BF Performance, bo o tej firmie mowa, wzięła na tapetę Lamborghini Gallardo. Owocem prac jest cacuszko nazwane GT600. Wyróżnia się zmniejszoną masą o 43 kg, zestawem aerodynamicznym wykonanym z włókna węglowego oraz zwiększoną mocą. W efekcie, GT600 zostawia w pokonanym polu Lamborghini SV Murcielago.
BF Performance GT600
To jednak nie wszystko. Szwajcarzy oferują przeróbkę Gallardo na wersję z napędem tylko na tylnią oś. Najpewniej w tym momencie pomyśleliście o legendarnym kierowcy testowym Lamborghini – Valentino Balboni i edycja Gallardo na jego cześć – właśnie z napędem na jedną oś. To rzadka okazja, by zasmakować takiej atrakcji w Lamborghini, które od lat już preferuje napęd na cztery koła.

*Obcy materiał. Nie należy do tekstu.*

Lemma phiP x y : x != y -> phi_spec x y (phi lt x y).
Proof.
move=> nxy; have [i fd] := first_diff_at_exists nxy.
have fd' : first_diff_at y x i by rewrite -first_diff_atC.
rewrite /phi (lexlt_first_diff fd); case: ifP => xy.
  rewrite (col_ordered_first_diff fd).
  have [h|nz] := eqVneq (dotp x y) 0; first exact: PhiZero.
  have [h|nxx] := eqVneq (dotp x y) (dotp x x); first by apply: PhiUp; rewrite ?xy.
  have [h|nyy] := eqVneq (dotp x y) (dotp y y); first by apply: PhiDown; rewrite ?xy.
  exact: PhiDot.
rewrite (col_ordered_first_diff fd') (dotpC y x) (addrC (y i)).
have [h|nz] := eqVneq (dotp x y) 0; first exact: PhiZero.
have [h|nyy] := eqVneq (dotp x y) (dotp y y); first by apply: PhiUp; rewrite ?xy.
have [h|nxx] := eqVneq (dotp x y) (dotp x x); first by apply: PhiDown; rewrite ?xy.
exact: PhiDot.
Qed.

Lemma phi_DOT x y c : x != y -> phi lt x y = DOT d c ->
  [/\ dotp x y = c, c != 0, c != dotp x x & c != dotp y y].
Proof. by move=> nxy; case: (phiP nxy) => [? ? ? [<-] // | ? ? ? | ? ? ? | ? ? ?]; case. Qed.

Lemma phi_ZERO x y p : x != y -> phi lt x y = ZERO p ->
  [/\ first_diff_at x y p.1, x p.1 + y p.1 = p.2 & dotp x y = 0].
Proof. by move=> nxy; case: (phiP nxy) => [? ? ? | i ? ? [<-] // | ? ? ? | ? ? ?]; case. Qed.

Lemma phi_UP x y p : x != y -> phi lt x y = UP p ->
  [/\ first_diff_at x y p.1, x p.1 + y p.1 = p.2
    & dotp x y = if lt (x p.1) (y p.1) then dotp x x else dotp y y].
Proof. by move=> nxy; case: (phiP nxy) => [? ? ? | ? ? ? | i ? ? [<-] // | ? ? ?]; case. Qed.

Lemma phi_DOWN x y p : x != y -> phi lt x y = DOWN p ->
  [/\ first_diff_at x y p.1, x p.1 + y p.1 = p.2
    & dotp x y = if lt (x p.1) (y p.1) then dotp y y else dotp x x].
Proof. by move=> nxy; case: (phiP nxy) => [? ? ? | ? ? ? | ? ? ? | i ? ? [<-] //]; case. Qed.

Hypothesis lt_order : linear_order_on_units lt.

Lemma phiC x y : nzvec x -> nzvec y -> phi lt x y = phi lt y x.
Proof.
have [-> //|nxy] := eqVneq x y; move=> /forallP nx /forallP ny.
have [i fd] := first_diff_at_exists nxy.
have xyi : x i != y i by case/andP: fd.
have fd' : first_diff_at y x i by rewrite -first_diff_atC.
have [irr trans total] := lt_order.
rewrite /phi (lexlt_first_diff fd) (lexlt_first_diff fd').
case xy: (lt (x i) (y i)); case yx: (lt (y i) (x i)) => //.
  by move: (irr _ (nx i)); rewrite (trans _ _ _ (nx i) (ny i) (nx i) xy yx).
by move: (total _ _ (nx i) (ny i) xyi); rewrite xy yx.
Qed.

Lemma collinear_phi_neq X x x' y : collinear X -> x \in X -> x' \in X -> y \in X ->
  x != x' -> x != y -> x' != y -> phi lt x y != phi lt x' y.
Proof.
move=> [w colX] hx hx' hy nxx' nxy nx'y; apply/eqP.
have [t dxx'] := colX x x' hx hx'; have [s dxy] := colX x y hx hy.
have t0 : t != 0.
  move: nxx'; apply: contra_neq => t0; apply/ffunP => i.
  by move: (dxx' i); rewrite !ffunE t0 mul0r => /eqP; rewrite subr_eq0 => /eqP.
have same_lex_pair i : first_diff_at x y i -> x' i + y i = x i + y i -> False.
  move=> /andP[xyi _] /addIr x'xi.
  have /eqP : t * w i = 0 by rewrite -dxx' !ffunE x'xi subrr.
  rewrite mulf_eq0 (negbTE t0) /= => /eqP wi.
  by move: (dxy i); rewrite !ffunE wi mulr0 => /eqP; rewrite subr_eq0 (negbTE xyi).
case: (phiP nxy) => [_ _ nyy | i fd _ | i fd _ | i fd _] /esym.
- case/(phi_DOT nx'y) => x'y _ _ _; move/eqP: nyy; apply.
  have /eqP : t * dotp y w = 0 by rewrite -(dotp_proportional y dxx') dotpBr !(dotpC y) x'y subrr.
  rewrite mulf_eq0 (negbTE t0) /= => /eqP yw.
  by apply/eqP; rewrite -subr_eq0 (dotpC x) -dotpBr (dotp_proportional y dxy) yw mulr0.
- by case/(phi_ZERO nx'y) => _ /(same_lex_pair _ fd).
- by case/(phi_UP nx'y) => _ /(same_lex_pair _ fd).
- by case/(phi_DOWN nx'y) => _ /(same_lex_pair _ fd).
Qed.

Lemma leftover_collinear_card S :
  leftover lt S -> {in S, forall x, nzvec x} -> collinear S -> (#|S| <= 2)%N.
Proof.
case=> [S' -> // | A B g /set0Pn[a0 ha0] /set0Pn[b0 hb0] dAB _ _ _ hg _] nz colS.
have at_most_one (Y : {set vec F d}) y : Y \subset A :|: B -> y \in A :|: B -> y \notin Y ->
    {in Y, forall x, phi lt x y = g} -> (#|Y| <= 1)%N.
  move=> /subsetP YS yS yY Yg; rewrite leqNgt; apply/card_gt1P => -[x [x' [hx hx' nxx']]].
  have neq z : z \in Y -> z != y by move=> hz; apply/eqP => zy; rewrite -zy hz in yY.
  move/eqP: (collinear_phi_neq colS (YS _ hx) (YS _ hx') yS nxx' (neq _ hx) (neq _ hx')).
  by rewrite !Yg.
apply: leq_trans (leq_card_setU A B) _; apply: (@leq_add _ _ 1 1).
  apply: (at_most_one _ b0); first exact: subsetUl.
  - by rewrite inE hb0 orbT.
  - by rewrite (disjointFl dAB hb0).
  - by move=> a ha; apply: hg.
apply: (at_most_one _ a0); first exact: subsetUr.
- by rewrite inE ha0.
- by rewrite (disjointFr dAB ha0).
- by move=> b hb; rewrite phiC ?nz ?inE ?ha0 ?hb ?orbT //; apply: hg.
Qed.

(* What a constant colour across the split [A :|: B] of a leftover set reveals. *)
Variant split_spec A B : Prop :=
  | SplitDot c of c != 0
      & {in A & B, forall a b, [/\ dotp a b = c, c != dotp a a & c != dotp b b]}
  | SplitLex (p : 'I_d * F) of
      {in A & B, forall a b, first_diff_at a b p.1 /\ a p.1 + b p.1 = p.2}
      & {in A & A & B, forall a a' b, dotp a b = dotp a' b}
        \/ {in A & B & B, forall a b b', dotp a b = dotp a b'}.

Lemma split_specC A B : split_spec A B -> split_spec B A.
Proof.
case=> [c c0 AB | p fd dAB].
  apply: (SplitDot c0) => b a hb ha.
  by have [abc ? ?] := AB a b ha hb; rewrite dotpC.
apply: (SplitLex (p := p)) => [b a hb ha|].
  by have [fdab sab] := fd a b ha hb; rewrite first_diff_atC addrC.
case: dAB => AAB; [right => b a a' hb ha ha' | left => b b' a hb hb' ha];
  by rewrite ?(dotpC b) ?(dotpC b'); apply: AAB.
Qed.

Lemma coord_const_of_sum A B i s a0 b0 : a0 \in A -> b0 \in B ->
  {in A & B, forall a b, first_diff_at a b i /\ a i + b i = s} ->
  {in A &, forall a a', a i = a' i} /\ {in B &, forall b b', b i = b' i}.
Proof.
move=> ha0 hb0 fd; split=> [a a' ha ha' | b b' hb hb'].
  by apply: (addIr (b0 i)); rewrite (fd a b0 ha hb0).2 (fd a' b0 ha' hb0).2.
by apply: (addrI (a0 i)); rewrite (fd a0 b ha0 hb).2 (fd a0 b' ha0 hb').2.
Qed.

Lemma split_specP A B g : A != set0 -> B != set0 -> [disjoint A & B] ->
  {in A & B, forall a b, phi lt a b = g} -> split_spec A B.
Proof.
move=> /set0Pn[a0 ha0] /set0Pn[b0 hb0] dAB.
have neq : {in A & B, forall a b, a != b}.
  by move=> a b ha /(disjointFl dAB); apply: contraFneq => <-.
case: g => [c | [p | [p | p]]] hg.
- have [_ c0 _ _] := phi_DOT (neq _ _ ha0 hb0) (hg _ _ ha0 hb0).
  apply: (SplitDot c0) => a b ha hb.
  by have [? _ ? ?] := phi_DOT (neq _ _ ha hb) (hg _ _ ha hb).
- have zero a b (ha : a \in A) (hb : b \in B) := phi_ZERO (neq a b ha hb) (hg _ _ ha hb).
  apply: (SplitLex (p := p)) => [a b ha hb | ]; first by have [] := zero a b ha hb.
  left=> a a' b ha ha' hb.
  by have [_ _ ->] := zero a b ha hb; have [_ _ ->] := zero a' b ha' hb.
- have up a b (ha : a \in A) (hb : b \in B) := phi_UP (neq a b ha hb) (hg _ _ ha hb).
  have fd : {in A & B, forall a b, first_diff_at a b p.1 /\ a p.1 + b p.1 = p.2}.
    by move=> a b ha hb; have [] := up a b ha hb.
  have [cA cB] := coord_const_of_sum ha0 hb0 fd.
  have dot a b : a \in A -> b \in B ->
      dotp a b = if lt (a0 p.1) (b0 p.1) then dotp a a else dotp b b.
    by move=> ha hb; have [_ _ ->] := up a b ha hb; rewrite (cA a a0) ?(cB b b0).
  apply: (SplitLex fd); case: (lt (a0 p.1) (b0 p.1)) dot => dot;
    [right=> a b b' ha hb hb' | left=> a a' b ha ha' hb]; by rewrite !dot.
- have down a b (ha : a \in A) (hb : b \in B) := phi_DOWN (neq a b ha hb) (hg _ _ ha hb).
  have fd : {in A & B, forall a b, first_diff_at a b p.1 /\ a p.1 + b p.1 = p.2}.
    by move=> a b ha hb; have [] := down a b ha hb.
  have [cA cB] := coord_const_of_sum ha0 hb0 fd.
  have dot a b : a \in A -> b \in B ->
      dotp a b = if lt (a0 p.1) (b0 p.1) then dotp b b else dotp a a.
    by move=> ha hb; have [_ _ ->] := down a b ha hb; rewrite (cA a a0) ?(cB b b0).
  apply: (SplitLex fd); case: (lt (a0 p.1) (b0 p.1)) dot => dot;
    [left=> a a' b ha ha' hb | right=> a b b' ha hb hb']; by rewrite !dot.
Qed.

End Coloring.

Section Space.
Variable F : finFieldType.
Implicit Types (a b x y u v w n m : vec F 3) (A B X : {set vec F 3}).

Definition i0 : 'I_3 := @Ordinal 3 0 isT.
Definition i1 : 'I_3 := @Ordinal 3 1 isT.
Definition i2 : 'I_3 := @Ordinal 3 2 isT.

Lemma ord3P (i : 'I_3) : [\/ i = i0, i = i1 | i = i2].
Proof.
by case: i => [[|[|[|//]]] ?]; [constructor 1 | constructor 2 | constructor 3]; apply: val_inj.
Qed.

Lemma dotp3E x y : dotp x y = x i0 * y i0 + x i1 * y i1 + x i2 * y i2.
Proof.
rewrite /dotp !big_ord_recr big_ord0 /= add0r.
by congr (x _ * y _ + x _ * y _ + x _ * y _); apply: val_inj.
Qed.

Definition cross u v : vec F 3 := [ffun i =>
  if i == i0 then u i1 * v i2 - u i2 * v i1
  else if i == i1 then u i2 * v i0 - u i0 * v i2
  else u i0 * v i1 - u i1 * v i0].

Lemma cross0r u : cross u 0 = 0.
Proof. by apply/ffunP => i; rewrite !ffunE !mulr0 subrr !if_same. Qed.

Lemma cross_cross u v w i : cross u (cross v w) i = dotp u w * v i - dotp u v * w i.
Proof. by rewrite !ffunE !dotp3E; case: (ord3P i) => ->; rewrite /=; ring. Qed.

Lemma proportional_of_cross_eq0 u v : v != 0 -> cross u v = 0 -> proportional u v.
Proof.
(* [cross (delta i) (cross u v)] is [v i * u - u i * v]. *)
case/vec_neq0P=> i vi uv; exists (u i / v i) => j; apply: (mulIf vi).
rewrite mulrAC divfK // mulrC; apply/eqP; rewrite -subr_eq0.
have := cross_cross (delta i) u v j.
by rewrite uv cross0r ffunE !(dotpC (delta i)) !dotp_delta => <-.
Qed.

Lemma collinear_of_dot_const X n m :
  m != 0 -> ~ proportional n m -> dot_const X n -> dot_const X m -> collinear X.
Proof.
(* [x - y] is orthogonal to [n] and [m], hence parallel to [cross n m]. *)
move=> m0 nm cn cm; exists (cross n m) => x y hx hy.
apply: proportional_of_cross_eq0; first by apply/eqP => /(proportional_of_cross_eq0 m0).
apply/ffunP => i; rewrite cross_cross !dotpBl (cn x y) ?(cm x y) //.
by rewrite !subrr !mul0r subrr ffunE.
Qed.

Lemma collinear_of_dot_pair X x u v : u != v -> dotp x u = dotp x v -> dotp x v != 0 ->
  dot_const X u -> dot_const X v -> collinear X.
Proof.
move=> uv xuv xv0; apply: collinear_of_dot_const (not_proportional uv xuv xv0).
by apply: contraNneq xv0 => ->; rewrite dotp0r.
Qed.

Definition coplanar X := exists2 n, n != 0 & dot_const X n.

Lemma split_spec_coplanar A B : A != set0 -> B != set0 -> split_spec A B -> coplanar A.
Proof.
move=> /set0Pn[a0 ha0] /set0Pn[b0 hb0] [c c0 AB | p fd _].
  exists b0.
    by apply: contraNneq c0 => b00; have [<- _ _] := AB a0 b0 ha0 hb0; rewrite b00 dotp0r.
  by move=> a a' ha ha'; have [-> _ _] := AB a b0 ha hb0; have [-> _ _] := AB a' b0 ha' hb0.
exists (delta p.1); first exact: delta_neq0.
have [cA _] := coord_const_of_sum ha0 hb0 fd.
by move=> a a' ha ha'; rewrite !dotp_delta; apply: cA.
Qed.

Lemma split_spec_collinear_coplanar A B : A != set0 -> B != set0 -> split_spec A B ->
  coplanar (A :|: B) -> collinear A.
Proof.
move=> /set0Pn[a0 ha0] /set0Pn[b0 hb0] + [n n0 cn].
have inA a : a \in A -> a \in A :|: B by move=> ha; rewrite inE ha.
have inB b : b \in B -> b \in A :|: B by move=> hb; rewrite inE hb orbT.
have cnA : dot_const A n by move=> a a' ha ha'; apply: cn; apply: inA.
have a0b0n : dotp a0 n = dotp b0 n by apply: cn; [apply: inA | apply: inB].
case=> [c c0 AB | p fd _].
  have [a0b0 _ b0b0] := AB a0 b0 ha0 hb0.
  apply: (collinear_of_dot_const (n := b0) n0) => // [[t b0n] | a a' ha ha'].
    by move/eqP: b0b0; apply; rewrite -a0b0 !(dotp_proportional _ b0n) a0b0n.
  by have [-> _ _] := AB a b0 ha hb0; have [-> _ _] := AB a' b0 ha' hb0.
have [cA _] := coord_const_of_sum ha0 hb0 fd.
apply: (collinear_of_dot_const (delta_neq0 F p.1) _ cnA) => [[t nd] | a a' ha ha'].
  have t0 : t != 0 by apply: contraNneq n0 => t0; apply/eqP/ffunP => i; rewrite nd t0 mul0r ffunE.
  have [/andP[/eqP + _] _] := fd a0 b0 ha0 hb0; apply.
  by apply: (mulfI t0); rewrite -!dotp_delta -!(dotp_proportional _ nd).
by rewrite !dotp_delta; apply: cA.
Qed.

Lemma split_spec_collinear_card A B : split_spec A B -> {in B, forall b, nzvec b} ->
  (1 < #|A|)%N -> (1 < #|B|)%N -> collinear A.
Proof.
move=> + nzB /card_gt1P[a0 [_ [ha0 _ _]]] /card_gt1P[b [b' [hb hb' bb']]].
case=> [c c0 AB | p fd dots].
  have [abc _ _] := AB a0 b ha0 hb; have [ab'c _ _] := AB a0 b' ha0 hb'.
  apply: (collinear_of_dot_pair (x := a0) bb'); rewrite ?abc ?ab'c //.
    by move=> a a' ha ha'; have [-> _ _] := AB a b ha hb; have [-> _ _] := AB a' b ha' hb.
  by move=> a a' ha ha'; have [-> _ _] := AB a b' ha hb'; have [-> _ _] := AB a' b' ha' hb'.
have [cA cB] := coord_const_of_sum ha0 hb fd.
have cA0 : dot_const A (delta i0).
  move=> a a' ha ha'; rewrite !dotp_delta.
  have [p0 | p0] := eqVneq p.1 i0; first by rewrite -p0; apply: cA.
  have first_coord a1 : a1 \in A -> a1 i0 = b i0.
    by move=> ha1; have [/andP[_ /forallP/(_ i0)]] := fd a1 b ha1 hb; rewrite lt0n p0 => /eqP.
  by rewrite !first_coord.
have [p0 | p0] := eqVneq p.1 i0; last first.
  rewrite eq_sym in p0.
  apply: collinear_of_dot_const (delta_neq0 F p.1) (delta_not_proportional p0) cA0 _.
  by move=> a a' ha ha'; rewrite !dotp_delta; apply: cA.
have bb'0 : b i0 = b' i0 by rewrite -p0; apply: cB.
case: dots => [AAB | ABB].
  apply: (collinear_of_dot_pair (x := delta i0) bb'); rewrite ?(dotpC (delta i0)) ?dotp_delta //.
  - exact: (forallP (nzB _ hb')).
  - by move=> a a' ha ha'; apply: AAB.
  - by move=> a a' ha ha'; apply: AAB.
apply: (collinear_of_dot_const (n := b - b') (delta_neq0 F i0)) cA0 => [[t nd] | a a' ha ha'].
  have t0 : t = 0 by move: (nd i0); rewrite !ffunE bb'0 subrr eqxx mulr1.
  move/eqP: bb'; apply; apply/ffunP => i; apply/eqP.
  by move: (nd i) => /eqP; rewrite t0 mul0r !ffunE subr_eq0.
by rewrite !dotpBr (ABB a b b') ?(ABB a' b b') ?subrr.
Qed.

Szwajcarska powściągliwość?
Nie tym razem!
BF GT600 można wyposażyć w akcesoria typowo wyścigowe – klatkę bezpieczeństwa, pięciopunktowe pasy bezpieczeństwa czy ceramiczne hamulce. Trzymamy kciuki… za Gallardo GT600, aby jego właściciel miał na tyle fantazji, by zabrać to auto na tor wyścigowy. Tak naprawdę Lamborghini jest stworzone na tor i w normalnym ruchu drogowym po prostu się męczy…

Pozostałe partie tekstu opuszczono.